*Directions*
Repeat only the stretch of lines below that runs from the line with "move=> sP; have" through the line with "by rewrite subr_ge0 ler_pdivrMr // mulrC.", unaltered.

*Material supplied*
Lemma bilform_expand n (P : 'M[R]_n) x y t : Defs.is_sym P ->
  bilform P (x + t *: y) (x + t *: y)
  = bilform P y y * t ^+ 2 + 2 * bilform P x y * t + bilform P x x.
Proof.
move=> sP; have yx_xy := bilformC x y sP; rewrite /bilform !mxE in yx_xy.
rewrite /bilform [(x + _)^T]linearD /= [(t *: y)^T]linearZ /= !mulmxDl !mulmxDr.
by rewrite -!scalemxAl -!scalemxAr !mxE yx_xy; ring.
Qed.

Lemma quadratic_ge0_discr a b c : 0 <= a ->
  (forall t, 0 <= a * t ^+ 2 + 2 * b * t + c) -> b ^+ 2 <= a * c.
Proof.
move=> a_ge0 q_ge0; have [a_gt0|] := ltrP 0 a.
  have := q_ge0 (- b / a).
  have -> : a * (- b / a) ^+ 2 + 2 * b * (- b / a) + c = c - b ^+ 2 / a.
    by field; rewrite gt_eqF.
  by rewrite subr_ge0 ler_pdivrMr // mulrC.
move=> a_le0; have a0 : a = 0 by apply/eqP; rewrite eq_le a_le0 a_ge0.
subst a.
have [-> | b_neq0] := eqVneq b 0; first by rewrite expr0n mul0r.
(* a linear function with nonzero slope takes negative values *)
have := q_ge0 (- (c + 1) / (2 * b)).
have -> : 0 * (- (c + 1) / (2 * b)) ^+ 2 + 2 * b * (- (c + 1) / (2 * b)) + c = -1.
  by field.
lra.
Qed.

Lemma le_of_sqr_le_mul a c : 0 <= a -> 0 <= c -> a ^+ 2 <= a * c -> a <= c.
Proof.
move=> a_ge0 c_ge0; have [->|a_neq0] := eqVneq a 0; first by [].
have a_gt0 : 0 < a by rewrite lt_def a_neq0.
by rewrite expr2 ler_pM2l.
Qed.

Lemma psd_CauchySchwarz n (P : 'M[R]_n) x y : is_psd P ->
  bilform P x y ^+ 2 <= bilform P x x * bilform P y y.
Proof.
move=> [sP P_ge0]; rewrite mulrC; apply: quadratic_ge0_discr => [|t].
  exact: P_ge0.
by rewrite -bilform_expand //; apply: P_ge0.
Qed.

Lemma dotmx_self n (x : 'cV[R]_n) : dotmx x x = \sum_i x i 0 ^+ 2.
Proof. by rewrite /dotmx mxE; apply: eq_bigr => i _; rewrite mxE expr2. Qed.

*Solved problem*
move=> sP; have yx_xy := bilformC x y sP; rewrite /bilform !mxE in yx_xy.
rewrite /bilform [(x + _)^T]linearD /= [(t *: y)^T]linearZ /= !mulmxDl !mulmxDr.
by rewrite -!scalemxAl -!scalemxAr !mxE yx_xy; ring.
Qed.

Lemma quadratic_ge0_discr a b c : 0 <= a ->
  (forall t, 0 <= a * t ^+ 2 + 2 * b * t + c) -> b ^+ 2 <= a * c.
Proof.
move=> a_ge0 q_ge0; have [a_gt0|] := ltrP 0 a.
  have := q_ge0 (- b / a).
  have -> : a * (- b / a) ^+ 2 + 2 * b * (- b / a) + c = c - b ^+ 2 / a.
    by field; rewrite gt_eqF.
  by rewrite subr_ge0 ler_pdivrMr // mulrC.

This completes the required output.